= Nitridosilicate =

Class of chemical compounds

The nitridosilicates are chemical compounds that have anions with nitrogen bound to silicon. Counter cations that balance the electric charge are mostly electropositive metals from the alkali metals, alkaline earths or rare earth elements. Silicon and nitrogen have similar electronegativities, so the bond between them is covalent. Nitrogen atoms are arranged around a silicon atom in a tetrahedral arrangement.

Related compounds include pnictogenidosilicates :phosphidosilicates, arsenidosilicates and antimonosilicates; pnictogenidogernamates: phosphidogermanates. By replacing silicon, there are also nitridogermanates, nitridostannates, nitridotantalates and nitridotitanates.

==Use==
Nitridosilicates are used as host substances for europium in LED phosphors. Examples include CASN (calcium aluminium silicide nitride) (CaAlSiN_{3}), SCASN (SrCaAlSiN_{3}) and SCSN (SrCaSiN_{3}). These fluoresce red.

==Production==
Nitridosilicates can be made in a solid state reaction by heating silicon nitride with metallic nitrides in a nitrogen atmosphere at over 1300 °C. If the mixtures are exposed to oxygen or air, then oxides or oxynitridosilicates are produced instead. Instead of metal nitrides, ammine complexes, amides or imides can be used instead. In place of the highly stable silicon nitride, silicon diimide can be used. Carbothermal reduction involves using a metal oxide or carbonate heated with carbon in a nitrogen atmosphere.

== Properties ==
The ratio of silicon to nitrogen varies from 1:4 to 7:10 (0.25 to 0.7) with increased condensation, and fewer sites for metals with high silicon content. At a ratio of 3:4 (0.75) there is no longer capacity for metal, as that is silicon nitride. The more condensed substances, with lower nitrogen content, have greater number of silicon atoms surrounding the nitrogen. This coordination number can vary from one to four, with the most common being three. The silicon atom always is coordinated by four nitrogen atoms. In the silicates, silicon is surrounded by four oxygen atoms, but each oxygen is only connected to one or two silicon atoms, and only very rarely three. So nitridosilicates can form more diverse structures than the silicates.
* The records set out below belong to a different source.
(* Let $T$ be a complete theory with monster model $\mathcal{U}$, $A\subseteq\mathcal{U}$ small, $\mu\in\mathfrak{M}_x(\mathcal{U})$, $\nu\in\mathfrak{M}_y(\mathcal{U})$, and suppose $\lambda\in\mathfrak{M}_{xy}(A)$ witnesses $\mu\geq_{\mathbb{E},A}\nu$. If $\lambda$ is smooth over $A$, then both $\mu$ and $\nu$ are smooth over $A$.
   Context: For $C\subseteq\mathcal{U}$, $\mathcal{L}_x(C)$ is the Boolean algebra of formulas in $x$ with parameters from $C$ modulo $T$, embedded in $\mathcal{L}_{xy}(C)$ via $\varphi(x)\mapsto\varphi(x)\wedge y=y$; $\mathfrak{M}_x(C)$ is the set of finitely additive probability measures on $\mathcal{L}_x(C)$. For $\omega\in\mathfrak{M}_{xy}(C)$, $\pi_x(\omega)(\varphi(x))=\omega(\varphi(x)\wedge y=y)$ (similarly $\pi_y$); $\omega|_D$ is restriction. $\lambda$ witnesses $\mu\geq_{\mathbb{E},A}\nu$ means $\pi_x(\lambda)=\mu|_A$ and every $\omega\in\mathfrak{M}_{xy}(\mathcal{U})$ with $\omega|_A=\lambda$ and $\pi_x(\omega)=\mu$ satisfies $\pi_y(\omega)=\nu$. A global measure is smooth over $A$ if it is the unique global measure with its restriction to $A$. A measure $\eta\in\mathfrak{M}_{xy}(A)$ is smooth over $A$ if there is a unique $\omega\in\mathfrak{M}_{xy}(\mathcal{U})$ with $\omega|_A=\eta$. *)

From Stdlib Require Import Reals List.
Require Stdlib.Vectors.Fin.

Record Language := {
  Fun : Type;
  Rel : Type;
  fun_ar : Fun -> nat;
  rel_ar : Rel -> nat
}.

Record Structure (L : Language) := {
  dom :> Type;
  dom_inh : dom;
  fint : forall f : Fun L, (Fin.t (fun_ar L f) -> dom) -> dom;
  rint : forall r : Rel L, (Fin.t (rel_ar L r) -> dom) -> Prop
}.

Arguments dom {L}.
Arguments dom_inh {L}.
Arguments fint {L}.
Arguments rint {L}.

Inductive term (L : Language) (M : Type) : Type :=
| tvar : nat -> term L M
| tpar : M -> term L M
| tfun : forall f : Fun L, (Fin.t (fun_ar L f) -> term L M) -> term L M.

Inductive formula (L : Language) (M : Type) : Type :=
| fEq  : term L M -> term L M -> formula L M
| fRel : forall r : Rel L, (Fin.t (rel_ar L r) -> term L M) -> formula L M
| fNeg : formula L M -> formula L M
| fAnd : formula L M -> formula L M -> formula L M
| fEx  : nat -> formula L M -> formula L M.

Arguments tvar {L M}.
Arguments tpar {L M}.
Arguments tfun {L M}.
Arguments fEq {L M}.
Arguments fRel {L M}.
Arguments fNeg {L M}.
Arguments fAnd {L M}.
Arguments fEx {L M}.

Definition env {L} (U : Structure L) := nat -> U.

Definition upd {L} {U : Structure L} (e : env U) (i : nat) (a : U) : env U :=
  fun j => if Nat.eqb j i then a else e j.

Fixpoint eval {L} (U : Structure L) (e : env U) (t : term L U) : U :=
  match t with
  | tvar i => e i
  | tpar a => a
  | tfun f args => fint U f (fun k => eval U e (args k))
  end.

Fixpoint sat {L} (U : Structure L) (e : env U) (phi : formula L U) : Prop :=
  match phi with
  | fEq t1 t2 => eval U e t1 = eval U e t2
  | fRel r args => rint U r (fun k => eval U e (args k))
  | fNeg psi => ~ sat U e psi
  | fAnd p q => sat U e p /\ sat U e q
  | fEx i psi => exists a : U, sat U (upd e i a) psi
  end.

Fixpoint term_params {L M} (C : M -> Prop) (t : term L M) : Prop :=
  match t with
  | tvar _ => True
  | tpar a => C a
  | tfun f args => forall k, term_params C (args k)
  end.

Fixpoint form_params {L M} (C : M -> Prop) (phi : formula L M) : Prop :=
  match phi with
  | fEq t1 t2 => term_params C t1 /\ term_params C t2
  | fRel r args => forall k, term_params C (args k)
  | fNeg p => form_params C p
  | fAnd p q => form_params C p /\ form_params C q
  | fEx _ p => form_params C p
  end.

Fixpoint term_vars {L M} (V : nat -> Prop) (t : term L M) : Prop :=
  match t with
  | tvar i => V i
  | tpar _ => True
  | tfun f args => forall k, term_vars V (args k)
  end.

Fixpoint form_vars {L M} (V : nat -> Prop) (phi : formula L M) : Prop :=
  match phi with
  | fEq t1 t2 => term_vars V t1 /\ term_vars V t2
  | fRel r args => forall k, term_vars V (args k)
  | fNeg p => form_vars V p
  | fAnd p q => form_vars V p /\ form_vars V q
  | fEx i p => form_vars (fun j => j = i \/ V j) p
  end.

Fixpoint map_term {L M} (g : M -> M) (t : term L M) : term L M :=
  match t with
  | tvar i => tvar i
  | tpar a => tpar (g a)
  | tfun f args => tfun f (fun k => map_term g (args k))
  end.

Fixpoint map_form {L M} (g : M -> M) (phi : formula L M) : formula L M :=
  match phi with
  | fEq t1 t2 => fEq (map_term g t1) (map_term g t2)
  | fRel r args => fRel r (fun k => map_term g (args k))
  | fNeg p => fNeg (map_form g p)
  | fAnd p q => fAnd (map_form g p) (map_form g q)
  | fEx i p => fEx i (map_form g p)
  end.

Definition lt_card (X K : Type) : Prop :=
  (exists f : X -> K, forall a b, f a = f b -> a = b) /\
  ~ (exists g : K -> X, forall a b, g a = g b -> a = b).

Definition subset_type {L} (U : Structure L) (B : U -> Prop) := { b : U | B b }.

Definition saturated {L} (U : Structure L) (K : Type) : Prop :=
  forall (B : U -> Prop), lt_card (subset_type U B) K ->
  forall (n : nat) (p : formula L U -> Prop),
    (forall phi, p phi -> form_params B phi /\ form_vars (fun i => (i < n)%nat) phi) ->
    (forall l : list (formula L U), (forall phi, In phi l -> p phi) ->
        exists e : env U, forall phi, In phi l -> sat U e phi) ->
    exists e : env U, forall phi, p phi -> sat U e phi.

Definition automorphism {L} (U : Structure L) (s : U -> U) : Prop :=
  (exists s' : U -> U, (forall a, s' (s a) = a) /\ (forall a, s (s' a) = a)) /\
  (forall f args, s (fint U f args) = fint U f (fun k => s (args k))) /\
  (forall r args, rint U r args <-> rint U r (fun k => s (args k))).

Definition elementary_on {L} (U : Structure L) (B : U -> Prop) (g : U -> U) : Prop :=
  forall (phi : formula L U) (e : env U), form_params B phi ->
    form_vars (fun _ => False) phi ->
    (sat U e phi <-> sat U e (map_form g phi)).

Definition strongly_homogeneous {L} (U : Structure L) (K : Type) : Prop :=
  forall (B : U -> Prop) (g : U -> U), lt_card (subset_type U B) K ->
    elementary_on U B g ->
    exists s, automorphism U s /\ forall b, B b -> s b = g b.

(* U is a monster model (for T = Th(U)) with respect to the cardinal |K|,
   which is uncountable and larger than the language. *)
Definition monster {L} (U : Structure L) (K : Type) : Prop :=
  lt_card nat K /\ lt_card (Fun L) K /\ lt_card (Rel L) K /\
  saturated U K /\ strongly_homogeneous U K.

Definition small {L} (U : Structure L) (K : Type) (A : U -> Prop) : Prop :=
  lt_card (subset_type U A) K.

Definition vset {L} (U : Structure L) := env U -> Prop.

Definition sat_set {L} (U : Structure L) (phi : formula L U) : vset U :=
  fun e => sat U e phi.

(* S is an element of L_V(C): defined by a formula with free variables in V
   and parameters in C (formulas modulo equivalence in U = same set). *)
Definition definable {L} (U : Structure L) (V : nat -> Prop) (C : U -> Prop)
  (S : vset U) : Prop :=
  exists phi : formula L U, form_params C phi /\ form_vars V phi /\ S = sat_set U phi.

Definition full_set {L} (U : Structure L) : vset U := fun _ => True.
Definition everything {L} (U : Structure L) : U -> Prop := fun _ => True.

Definition keisler_measure {L} (U : Structure L) (V : nat -> Prop) (C : U -> Prop)
  (mu : vset U -> R) : Prop :=
  (forall S, definable U V C S -> (0 <= mu S)%R) /\
  mu (full_set U) = 1%R /\
  (forall S T, definable U V C S -> definable U V C T ->
     (forall e, ~ (S e /\ T e)) ->
     mu (fun e => S e \/ T e) = (mu S + mu T)%R).

Definition agree {L} (U : Structure L) (V : nat -> Prop) (C : U -> Prop)
  (mu mu' : vset U -> R) : Prop :=
  forall S, definable U V C S -> mu S = mu' S.

(* Variable tuples: x = (v_0,..,v_{n-1}), y = (v_n,..,v_{n+m-1}). *)
Definition Vx (n : nat) : nat -> Prop := fun i => (i < n)%nat.
Definition Vy (n m : nat) : nat -> Prop := fun i => (n <= i /\ i < n + m)%nat.
Definition Vxy (n m : nat) : nat -> Prop := fun i => (i < n + m)%nat.

(* Since a set defined by phi(x) (resp. psi(y)) is, as a set of assignments,
   the same set as the one defined by phi(x) /\ y = y (resp. psi(y) /\ x = x),
   pi_x(omega) is omega read on L_x-definable sets; pi_x(omega) = mu|_C is
   thus "agree (Vx n) C omega mu", and likewise for pi_y. *)

Definition smooth_global {L} (U : Structure L) (V : nat -> Prop) (A : U -> Prop)
  (mu : vset U -> R) : Prop :=
  forall mu', keisler_measure U V (everything U) mu' -> agree U V A mu' mu ->
    agree U V (everything U) mu' mu.

Definition smooth_over {L} (U : Structure L) (V : nat -> Prop) (A : U -> Prop)
  (eta : vset U -> R) : Prop :=
  (exists w, keisler_measure U V (everything U) w /\ agree U V A w eta) /\
  (forall w1 w2, keisler_measure U V (everything U) w1 ->
     keisler_measure U V (everything U) w2 ->
     agree U V A w1 eta -> agree U V A w2 eta -> agree U V (everything U) w1 w2).

Definition witnesses_E {L} (U : Structure L) (n m : nat) (A : U -> Prop)
  (lam mu nu : vset U -> R) : Prop :=
  agree U (Vx n) A lam mu /\
  forall w, keisler_measure U (Vxy n m) (everything U) w ->
    agree U (Vxy n m) A w lam -> agree U (Vx n) (everything U) w mu ->
    agree U (Vy n m) (everything U) w nu.

(* Let w be the unique global extension of lam.  A finitely additive
   probability measure on a Boolean algebra of sets extends to all sets, even
   with its outer (or inner) measure prescribed on one further set c
   (Los-Marczewski, via Zorn's lemma).  Uniqueness of w therefore forces the
   inner and outer lam-measures of every U-definable set c to equal w(c).  If an
   A-definable a(x,y) implies a U-definable S(x), then the projection exists y a
   is A-definable, lies between a and S, and has lam-measure at least lam(a); so
   any rho on L_x(U) agreeing with lam on L_x(A) is squeezed between the inner and
   outer lam-measures, i.e. rho = pi_x(w).  Applied to mu and to every mu' that
   agrees with mu over A, this shows that mu is smooth.  In particular
   pi_x(w) = mu, so the witness property gives pi_y(w) = nu, and the same
   squeeze in the y-variables shows that nu is smooth. *)

From Stdlib Require Import Reals Lra Lia List Classical ClassicalEpsilon
  FunctionalExtensionality PropExtensionality.
From mathcomp Require classical_sets boolp.

Open Scope R_scope.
Nitridosilicates with higher proportion of silicon (more condensed) are more resistant to attack by water and oxygen, and so can be exposed to the atmosphere without decomposition. These condensed nitridosilicates are mechanically strong, and resistant to heat, acids and alkalis.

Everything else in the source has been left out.